** INSTRUCTIONS TO FOLLOW **
Search the entries below for "ffunP" and copy each matching line.

** EXTRACTED DATA **
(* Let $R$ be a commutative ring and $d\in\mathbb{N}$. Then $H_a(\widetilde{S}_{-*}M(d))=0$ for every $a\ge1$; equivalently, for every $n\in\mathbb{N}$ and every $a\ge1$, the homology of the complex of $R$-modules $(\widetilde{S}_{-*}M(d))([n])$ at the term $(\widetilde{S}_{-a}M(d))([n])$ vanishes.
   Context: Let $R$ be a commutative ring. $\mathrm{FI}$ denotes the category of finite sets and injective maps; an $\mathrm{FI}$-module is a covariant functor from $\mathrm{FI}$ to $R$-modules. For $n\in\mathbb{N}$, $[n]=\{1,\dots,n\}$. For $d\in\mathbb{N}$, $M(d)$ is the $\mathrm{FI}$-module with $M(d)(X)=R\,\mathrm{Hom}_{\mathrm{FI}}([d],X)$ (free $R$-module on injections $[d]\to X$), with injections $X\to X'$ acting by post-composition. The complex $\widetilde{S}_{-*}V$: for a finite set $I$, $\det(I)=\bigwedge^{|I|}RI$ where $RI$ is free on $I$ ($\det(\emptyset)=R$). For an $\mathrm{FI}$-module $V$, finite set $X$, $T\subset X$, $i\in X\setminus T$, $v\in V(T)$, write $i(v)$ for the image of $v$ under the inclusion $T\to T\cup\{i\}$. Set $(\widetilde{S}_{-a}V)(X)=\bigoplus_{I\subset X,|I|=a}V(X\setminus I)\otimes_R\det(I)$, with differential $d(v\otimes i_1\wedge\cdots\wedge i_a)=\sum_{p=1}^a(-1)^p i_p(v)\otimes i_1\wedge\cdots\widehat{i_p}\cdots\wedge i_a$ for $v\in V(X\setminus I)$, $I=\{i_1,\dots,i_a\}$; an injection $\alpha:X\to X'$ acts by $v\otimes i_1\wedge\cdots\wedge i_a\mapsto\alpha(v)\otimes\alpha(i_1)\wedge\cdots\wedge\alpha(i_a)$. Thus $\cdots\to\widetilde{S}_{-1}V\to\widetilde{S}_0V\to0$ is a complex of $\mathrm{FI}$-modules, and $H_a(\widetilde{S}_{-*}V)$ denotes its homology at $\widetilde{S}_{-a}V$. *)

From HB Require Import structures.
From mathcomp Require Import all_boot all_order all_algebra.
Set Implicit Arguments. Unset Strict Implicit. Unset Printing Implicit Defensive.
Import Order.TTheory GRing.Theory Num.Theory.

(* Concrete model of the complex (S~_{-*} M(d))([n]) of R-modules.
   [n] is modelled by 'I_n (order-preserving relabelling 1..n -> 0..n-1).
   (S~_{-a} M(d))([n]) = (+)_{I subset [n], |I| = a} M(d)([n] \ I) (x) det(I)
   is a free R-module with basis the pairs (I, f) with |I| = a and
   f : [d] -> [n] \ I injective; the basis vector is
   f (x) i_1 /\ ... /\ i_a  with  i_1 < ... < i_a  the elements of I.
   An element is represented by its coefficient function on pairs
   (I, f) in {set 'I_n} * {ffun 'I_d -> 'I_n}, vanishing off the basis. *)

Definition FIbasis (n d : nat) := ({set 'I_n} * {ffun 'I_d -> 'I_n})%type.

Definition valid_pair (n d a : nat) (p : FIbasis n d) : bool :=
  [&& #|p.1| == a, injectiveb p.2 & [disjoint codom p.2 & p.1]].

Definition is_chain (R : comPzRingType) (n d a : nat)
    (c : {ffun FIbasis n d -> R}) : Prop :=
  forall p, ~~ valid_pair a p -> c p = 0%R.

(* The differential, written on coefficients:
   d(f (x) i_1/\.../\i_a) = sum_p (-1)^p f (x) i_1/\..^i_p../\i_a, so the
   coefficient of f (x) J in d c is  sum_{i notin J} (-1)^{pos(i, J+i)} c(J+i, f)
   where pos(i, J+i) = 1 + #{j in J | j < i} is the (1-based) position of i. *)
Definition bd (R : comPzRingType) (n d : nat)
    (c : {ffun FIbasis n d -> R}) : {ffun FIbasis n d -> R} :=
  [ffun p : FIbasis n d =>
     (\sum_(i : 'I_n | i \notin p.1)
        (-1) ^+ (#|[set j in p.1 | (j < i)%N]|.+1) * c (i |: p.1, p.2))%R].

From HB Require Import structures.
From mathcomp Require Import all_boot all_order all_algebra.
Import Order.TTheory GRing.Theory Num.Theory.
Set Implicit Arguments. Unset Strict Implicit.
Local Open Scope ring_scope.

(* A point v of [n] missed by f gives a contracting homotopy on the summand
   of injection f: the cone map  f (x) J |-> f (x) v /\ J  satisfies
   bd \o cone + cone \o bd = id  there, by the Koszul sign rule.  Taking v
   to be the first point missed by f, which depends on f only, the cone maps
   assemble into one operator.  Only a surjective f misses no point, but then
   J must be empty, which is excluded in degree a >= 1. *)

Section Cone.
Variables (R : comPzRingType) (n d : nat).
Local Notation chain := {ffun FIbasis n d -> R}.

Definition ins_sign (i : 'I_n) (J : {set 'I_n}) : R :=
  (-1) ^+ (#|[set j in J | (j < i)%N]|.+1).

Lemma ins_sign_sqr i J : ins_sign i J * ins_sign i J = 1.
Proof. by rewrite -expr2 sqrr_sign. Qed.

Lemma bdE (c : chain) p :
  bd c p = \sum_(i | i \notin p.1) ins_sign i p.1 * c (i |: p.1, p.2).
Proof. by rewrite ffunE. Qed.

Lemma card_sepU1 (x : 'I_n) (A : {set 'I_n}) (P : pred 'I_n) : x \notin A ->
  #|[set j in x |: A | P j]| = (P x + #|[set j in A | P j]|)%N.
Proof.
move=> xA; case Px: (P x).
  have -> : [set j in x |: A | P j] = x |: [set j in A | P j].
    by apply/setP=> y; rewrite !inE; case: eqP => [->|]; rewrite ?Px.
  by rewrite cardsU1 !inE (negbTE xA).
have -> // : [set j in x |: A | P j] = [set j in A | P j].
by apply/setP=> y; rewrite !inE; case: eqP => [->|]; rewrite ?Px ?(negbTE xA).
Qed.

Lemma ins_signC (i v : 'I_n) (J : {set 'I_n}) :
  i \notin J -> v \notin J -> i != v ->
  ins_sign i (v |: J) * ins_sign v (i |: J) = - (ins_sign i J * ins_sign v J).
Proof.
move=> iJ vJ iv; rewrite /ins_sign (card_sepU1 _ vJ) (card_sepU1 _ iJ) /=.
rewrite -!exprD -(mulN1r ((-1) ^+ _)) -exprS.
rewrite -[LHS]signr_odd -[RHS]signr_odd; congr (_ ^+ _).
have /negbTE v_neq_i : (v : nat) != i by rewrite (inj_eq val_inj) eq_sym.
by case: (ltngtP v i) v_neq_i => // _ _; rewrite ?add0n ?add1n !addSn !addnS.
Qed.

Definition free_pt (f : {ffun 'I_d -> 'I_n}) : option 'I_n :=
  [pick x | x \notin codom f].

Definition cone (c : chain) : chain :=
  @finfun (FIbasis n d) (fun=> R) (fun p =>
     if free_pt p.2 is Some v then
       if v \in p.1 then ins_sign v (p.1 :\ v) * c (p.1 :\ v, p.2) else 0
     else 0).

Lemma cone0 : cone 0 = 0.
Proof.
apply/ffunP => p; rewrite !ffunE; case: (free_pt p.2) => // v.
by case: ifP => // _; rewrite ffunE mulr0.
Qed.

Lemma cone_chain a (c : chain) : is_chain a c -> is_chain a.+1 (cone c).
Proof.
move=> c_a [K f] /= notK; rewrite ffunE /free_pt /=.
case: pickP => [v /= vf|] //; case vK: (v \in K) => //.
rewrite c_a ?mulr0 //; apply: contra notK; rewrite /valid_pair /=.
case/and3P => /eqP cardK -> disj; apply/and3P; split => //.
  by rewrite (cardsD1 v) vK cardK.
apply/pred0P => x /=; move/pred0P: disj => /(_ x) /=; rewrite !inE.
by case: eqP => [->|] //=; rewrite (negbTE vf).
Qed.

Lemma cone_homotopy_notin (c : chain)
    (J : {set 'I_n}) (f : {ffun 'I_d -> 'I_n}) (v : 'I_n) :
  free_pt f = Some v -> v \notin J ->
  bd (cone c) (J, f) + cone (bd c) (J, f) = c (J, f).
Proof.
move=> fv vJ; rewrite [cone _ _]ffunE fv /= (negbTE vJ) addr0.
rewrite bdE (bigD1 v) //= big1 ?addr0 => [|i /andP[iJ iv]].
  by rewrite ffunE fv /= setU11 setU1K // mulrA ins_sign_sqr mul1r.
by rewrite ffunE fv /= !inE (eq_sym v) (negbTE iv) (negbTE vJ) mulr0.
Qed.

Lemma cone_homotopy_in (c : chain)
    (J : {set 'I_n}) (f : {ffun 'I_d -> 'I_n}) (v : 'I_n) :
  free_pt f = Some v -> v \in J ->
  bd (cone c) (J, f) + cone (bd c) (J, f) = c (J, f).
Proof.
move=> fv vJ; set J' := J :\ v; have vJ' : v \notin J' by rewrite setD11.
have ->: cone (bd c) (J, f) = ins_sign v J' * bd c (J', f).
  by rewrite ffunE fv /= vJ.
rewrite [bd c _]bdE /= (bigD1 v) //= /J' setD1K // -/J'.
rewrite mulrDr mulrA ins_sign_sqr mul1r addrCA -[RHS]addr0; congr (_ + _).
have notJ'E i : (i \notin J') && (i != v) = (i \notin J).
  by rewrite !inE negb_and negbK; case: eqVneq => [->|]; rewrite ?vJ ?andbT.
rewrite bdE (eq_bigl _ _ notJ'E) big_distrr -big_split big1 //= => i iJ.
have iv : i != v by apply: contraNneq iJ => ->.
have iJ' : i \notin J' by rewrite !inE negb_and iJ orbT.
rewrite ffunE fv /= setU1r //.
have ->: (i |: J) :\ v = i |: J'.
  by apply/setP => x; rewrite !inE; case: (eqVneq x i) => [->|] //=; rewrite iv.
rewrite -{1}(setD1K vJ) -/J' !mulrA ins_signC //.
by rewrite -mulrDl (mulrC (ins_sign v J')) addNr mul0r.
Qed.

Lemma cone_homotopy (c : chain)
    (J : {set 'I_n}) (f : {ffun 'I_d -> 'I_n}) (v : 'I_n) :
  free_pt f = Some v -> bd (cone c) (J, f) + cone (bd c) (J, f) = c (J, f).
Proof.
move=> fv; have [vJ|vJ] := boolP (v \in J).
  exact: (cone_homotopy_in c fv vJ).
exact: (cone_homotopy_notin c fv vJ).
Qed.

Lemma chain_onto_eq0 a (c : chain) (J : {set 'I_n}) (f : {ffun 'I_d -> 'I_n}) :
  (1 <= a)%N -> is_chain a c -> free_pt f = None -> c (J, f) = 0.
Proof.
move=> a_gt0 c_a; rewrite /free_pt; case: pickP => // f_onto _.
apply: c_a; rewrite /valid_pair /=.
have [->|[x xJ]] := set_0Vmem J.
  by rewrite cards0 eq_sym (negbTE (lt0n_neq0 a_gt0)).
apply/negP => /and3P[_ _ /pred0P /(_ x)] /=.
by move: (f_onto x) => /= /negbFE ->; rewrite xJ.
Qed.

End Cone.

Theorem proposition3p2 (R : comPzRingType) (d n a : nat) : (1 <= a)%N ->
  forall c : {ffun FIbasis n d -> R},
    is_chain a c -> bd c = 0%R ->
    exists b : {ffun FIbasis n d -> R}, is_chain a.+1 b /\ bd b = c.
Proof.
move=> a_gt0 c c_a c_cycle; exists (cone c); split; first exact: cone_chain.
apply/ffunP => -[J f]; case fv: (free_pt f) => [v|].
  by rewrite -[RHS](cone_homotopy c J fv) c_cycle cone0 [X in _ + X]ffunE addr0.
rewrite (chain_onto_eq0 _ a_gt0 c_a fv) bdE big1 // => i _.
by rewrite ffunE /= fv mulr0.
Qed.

** RESULT OF THE EXERCISE **
apply/ffunP => p; rewrite !ffunE; case: (free_pt p.2) => // v.
apply/ffunP => -[J f]; case fv: (free_pt f) => [v|].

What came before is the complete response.